The ex-New York Central's River Subdivision follows the west bank of the Hudson River through Stony Point. The line is now operated by CSX Transportation, the fourth railroad to operate the line. The only company served by CSX in the town is the Mirant Lovett Generating Station, which receives trainloads of coal approximately once per week. The power station owns and operates its own railroad to bring the coal from the siding at milepost (MP) 38 into the plant. A talking defect detector, which scans the axles of passing trains for problems, is located in Stony Point. On average, between 20–25 trains pass through Stony Point per day. CSX runs six container stack trains a day. Once per week, a garbage train from the Bronx brings trash up north to burn for power. On a normal day on the River Line, one will see mostly manifest freight trains and tankers. The Auto Rack express brings cars to their owners in either New Jersey or northern New York. CSX trains run five to fifteen minutes apart. The longest wait is mostly one hour. There are only two trestles in Stony Point.

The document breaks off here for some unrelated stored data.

(* Let $K$ be a finite field of characteristic $p$ and let $d$ be an integer with $\gcd(d,|K|-1)=1$ that is nondegenerate over $K$. Then there exist $a,b\in K^\times$ with $W_{K,d}(a)>0$ and $W_{K,d}(b)<0$.
   Context: $\psi_K(x)=\exp(2\pi i\,\mathrm{Tr}_{K/\mathbb{F}_p}(x)/p)$ is the canonical additive character of $K$, and for $a\in K$ the Weil sum is $W_{K,d}(a)=\sum_{x\in K}\psi_K(x^d+ax)$; these values are real numbers. $d$ is degenerate over $K$ if $d\equiv p^j\pmod{|K|-1}$ for some integer $j$, and nondegenerate otherwise. *)

From HB Require Import structures.
From mathcomp Require Import all_boot all_order all_algebra all_field.
From mathcomp Require Import reals trigo.
From mathcomp Require Import complex.
Set Implicit Arguments. Unset Strict Implicit. Unset Printing Implicit Defensive.
Import Order.TTheory GRing.Theory Num.Theory.
Local Open Scope ring_scope.

Section WeilSum.
Variables (R : realType) (K : finFieldType) (p : nat).

(* |K| = p ^ fdeg, when p is the characteristic of K *)
Definition fdeg : nat := logn p #|K|.

Definition abs_trace (x : K) : K := \sum_(i < fdeg) x ^+ (p ^ i).

(* Tr_{K/F_p}(x) lies in the prime field F_p = {k%:R | k < p};
   trace_nat x is the representative k in {0,..,p-1} *)
Definition trace_nat (x : K) : nat :=
  odflt 0%N (omap val [pick k : 'I_p | (k%:R : K) == abs_trace x]).

Definition psiK (x : K) : R[i] :=
  let t : R := (2 * pi * (trace_nat x)%:R) / p%:R in
  (cos t +i* sin t)%C.

Definition weil_sum (d : nat) (a : K) : R[i] :=
  \sum_(x : K) psiK (x ^+ d + a * x).

End WeilSum.

Definition degenerate (K : finFieldType) (p d : nat) : Prop :=
  exists j : nat, d = p ^ j %[mod #|K| - 1].

From HB Require Import structures.
From mathcomp Require Import all_boot all_order all_algebra all_field.
From mathcomp Require Import all_fingroup all_solvable.
From mathcomp Require Import reals trigo.
From mathcomp Require Import complex.
From mathcomp Require Import zify ring lra.
Set Implicit Arguments. Unset Strict Implicit. Unset Printing Implicit Defensive.
Import Order.TTheory GRing.Theory Num.Theory.
Local Open Scope ring_scope.

(* Write q = |K| and W(a) = W_{K,d}(a).  Because gcd(d, q - 1) = 1, the map
   x |-> x^d permutes K and commutes with x |-> -x, so W is real, W(0) = 0, and
   orthogonality of the additive characters gives
     sum_a W(a) = q   and   sum_a W(a)^2 = q^2.
   The first identity yields some W(a) > 0 with a != 0.  If no W(b) were
   negative, the two identities would force W to be concentrated at a single c,
   with W(c) = q; then c != 0 and Tr(x^d + c x) = 0 for all x.  Multiplying by
   x^(q-2) and summing over K, only the exponents divisible by q - 1 survive,
   which gives d p^i = 1 (mod q - 1) for some i, i.e. d is degenerate. *)

Section AbsoluteTrace.
Variables (K : finFieldType) (p : nat).
Hypothesis pcharK : p \in [pchar K].

Local Notation n := (fdeg K p).

Let p_prime : prime p := pcharf_prime pcharK.
Let p_gt0 : (0 < p)%N := prime_gt0 p_prime.

Lemma card_fdeg : #|K| = (p ^ n)%N.
Proof.
have := card_pgroup (abelem_pgroup (fin_ring_pchar_abelem pcharK)).
by rewrite cardsT.
Qed.

Lemma fdeg_gt0 : (0 < n)%N.
Proof.
by rewrite lt0n; apply: contraTneq (finNzRing_gt1 K) => n0; rewrite card_fdeg n0.
Qed.

Lemma exprDpX i (x y : K) : (x + y) ^+ (p ^ i) = x ^+ (p ^ i) + y ^+ (p ^ i).
Proof. by apply: exprDn_pchar; rewrite pnatX pnatE ?pcharK. Qed.

Lemma exprpX_sum i (I : finType) (F : I -> K) :
  (\sum_(j : I) F j) ^+ (p ^ i) = \sum_j F j ^+ (p ^ i).
Proof.
apply: (big_morph (fun x => x ^+ (p ^ i))); first exact: exprDpX.
by rewrite expr0n expn_eq0 eqn0Ngt p_gt0.
Qed.

Lemma abs_traceD (x y : K) : abs_trace p (x + y) = abs_trace p x + abs_trace p y.
Proof. by rewrite /abs_trace -big_split; apply: eq_bigr => i _; rewrite exprDpX. Qed.

(* Frobenius permutes the conjugates x^(p^i) cyclically, since x^(p^n) = x. *)
Lemma abs_trace_frobenius (x : K) : abs_trace p x ^+ p = abs_trace p x.
Proof.
rewrite /abs_trace -[X in _ ^+ X](expn1 p) exprpX_sum.
have xpn : x ^+ (p ^ n) = x by rewrite -card_fdeg expf_card.
move: xpn; case: n fdeg_gt0 => // m _ xpn.
rewrite big_ord_recr big_ord_recl /= -!exprM -!expnD addn1 xpn expn0 expr1 addrC.
by congr (_ + _); apply: eq_bigr => i _; rewrite -exprM -expnD addn1.
Qed.

Lemma natr_pchar_inj k l : (k < p)%N -> (l < p)%N -> (k%:R : K) = l%:R -> k = l.
Proof.
wlog kl : k l / (k <= l)%N.
  move=> W kp lp e; case/orP: (leq_total k l) => [/W | /W lk]; first exact.
  exact/esym/lk.
move=> _ lp e; apply/eqP; rewrite eqn_leq kl /=.
have : (p %| l - k)%N by rewrite (dvdn_pcharf pcharK) natrB // e subrr.
by case: (posnP (l - k)) => [|lk0 /(dvdn_leq lk0)]; lia.
Qed.

Lemma natr_pchar_mod m : ((m %% p)%N%:R : K) = m%:R.
Proof. by rewrite {2}(divn_eq m p) natrD natrM (pcharf0 pcharK) mulr0 add0r. Qed.

(* Otherwise y and the p distinct elements k%:R (k < p) are p + 1 roots of X^p - X. *)
Lemma fixed_frobenius_nat (y : K) : y ^+ p = y -> exists2 k, (k < p)%N & k%:R = y.
Proof.
move=> yp; case: (pickP (fun k : 'I_p => (k%:R : K) == y)) => [k /eqP ek | ny].
  by exists k.
pose s := y :: [seq (k%:R : K) | k <- iota 0 p].
pose P : {poly K} := 'X^p - 'X.
have sizeP : size P = p.+1.
  by rewrite size_polyDl ?size_polyXn // size_polyN size_polyX ltnS prime_gt1.
suff : (size s < size P)%N.
  by rewrite sizeP /= size_map size_iota ltnn.
apply: max_poly_roots; first by rewrite -size_poly_gt0 sizeP.
- apply/allP => z; rewrite inE => /orP[/eqP -> | /mapP[k _ ->]];
    rewrite rootE !hornerE ?yp ?subrr //.
  by rewrite -(pFrobenius_autE pcharK) rmorph_nat subrr.
- rewrite /= map_inj_in_uniq ?iota_uniq ?andbT; last first.
    by move=> a b; rewrite !mem_iota !add0n => ap bp; apply: natr_pchar_inj.
  apply/mapP => -[k]; rewrite mem_iota add0n => kp ek.
  by move: (ny (Ordinal kp)); rewrite /= ek eqxx.
Qed.

Lemma trace_natP (x : K) :
  (trace_nat p x < p)%N /\ (trace_nat p x)%:R = abs_trace p x.
Proof.
rewrite /trace_nat; case: pickP => [k /eqP ek | nk] /=; first by split.
have [k kp ek] := fixed_frobenius_nat (abs_trace_frobenius x).
by move: (nk (Ordinal kp)); rewrite /= ek eqxx.
Qed.

Lemma trace_natD (x y : K) :
  trace_nat p (x + y) = ((trace_nat p x + trace_nat p y) %% p)%N.
Proof.
have [xyp exy] := trace_natP (x + y); have [xp ex] := trace_natP x.
have [yp ey] := trace_natP y.
by apply: natr_pchar_inj; rewrite ?ltn_mod // natr_pchar_mod natrD exy ex ey abs_traceD.
Qed.

Lemma trace_nat0 : trace_nat p (0 : K) = 0%N.
Proof.
have [tp te] := trace_natP 0; apply: natr_pchar_inj => //.
by rewrite te /abs_trace big1 // => i _; rewrite expr0n expn_eq0 eqn0Ngt p_gt0.
Qed.

End AbsoluteTrace.

Section PowerSums.
Variables (K : finFieldType) (p : nat).
Hypothesis pcharK : p \in [pchar K].

Local Notation n := (fdeg K p).
Local Notation N := #|K|.-1.

Let p_prime : prime p := pcharf_prime pcharK.
Let card_gt1 : (1 < #|K|)%N := finNzRing_gt1 K.
(* Let $G$ be a graph with finitely many vertices. Let $v\in G^0$ be a regular vertex that is not a source and that emits exactly one edge $f_0$, where $f_0$ is not a loop of length one (i.e. $r(f_0)\neq v$). Define a graph $E$ as follows: - $E^0=G^0\setminus\{v\}$; - $E^1=(G^1\setminus(r^{-1}(v)\cup s^{-1}(v)))\cup\{[ef_0]: e\in r^{-1}(v)\}$; - range and source maps extend those of $G$, with $r_E([ef_0])=r_G(f_0)$ and $s_E([ef_0])=s_G(e)$. Then $G\sim_M E$.
   Context: A graph $G=(G^0,G^1,r,s)$ has vertex set $G^0$, edge set $G^1$, and range/source maps; multiple edges and loops are allowed. A source receives no edges, a sink emits no edges, and an infinite emitter emits infinitely many edges. A vertex is singular if it is a sink or infinite emitter, and regular otherwise. A loop of length one is an edge $e$ with $s(e)=r(e)$. Move-equivalence $\sim_M$ is the smallest equivalence relation on graphs with finitely many vertices such that $G\sim_M E$ whenever $E$ is isomorphic to a graph obtained from $G$ by one of the following moves. (S) Delete a regular source together with the edges it emits. (R) For a regular vertex $u$ emitting exactly one edge $f$, with $r(f)\neq u$, and all of whose incoming edges have the same source $v$: delete $u$, $f$ and the edges into $u$, and add for each $e\in r^{-1}(u)$ an edge $[ef]$ from $v$ to $r(f)$. (O) Out-splitting at a non-sink $v$ along a partition $\mathcal E_1,\dots,\mathcal E_n$ of $s^{-1}(v)$ with at most one infinite part. Replace $v$ by $v^1,\dots,v^n$. Each edge $e$ into $v$ becomes copies $e^1,\dots,e^n$ with $r(e^i)=v^i$ and source $s(e)$, or source $v^j$ if $s(e)=v$ and $e\in\mathcal E_j$. An edge from $v$ to $w\neq v$ lying in $\mathcal E_i$ gets source $v^i$. (I) In-splitting at a regular non-source $v$ along a partition $\mathcal E_1,\dots,\mathcal E_n$ of $r^{-1}(v)$. Replace $v$ by $v^1,\dots,v^n$. Each edge $e$ out of $v$ becomes copies $e^1,\dots,e^n$ with $s(e^i)=v^i$ and range $r(e)$, or range $v^j$ if $r(e)=v$ and $e\in\mathcal E_j$. An edge into $v$ from $w\neq v$ lying in $\mathcal E_i$ gets range $v^i$. *)

From mathcomp Require Import all_boot.
Set Implicit Arguments. Unset Strict Implicit. Unset Printing Implicit Defensive.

The Palisades Interstate Parkway passes through the town.

Tourism

Historical markers

Buckberg Mountain, 112 Buckberg Mountain Road
Site of King's Ferry, Route 9W & Park Road – at Stony Point, just north of Stony Point Battlefield. An important river crossing for American troops and supplies during the Revolution, as it was a link between New England and the states to the south; thus the importance of capturing Stony Point from the British in 1779.
Site of Springsteel Farm House 1779, 16A Franck Road
Washington Wayne Lookout
Wilson H. Young Memorial Bridge, East Main Street
Site of Springsteel Farm House 1779, 16A Franck Road
Stony Point Battlefield, Route 9W & Park Road
The First Road, 117 W. Main Street
Gilmor Sloane House – The building was put together by Benjiman F. Goodspeed. When he was creating the building in 1856, the structure stemmed from French Renaissance architecture.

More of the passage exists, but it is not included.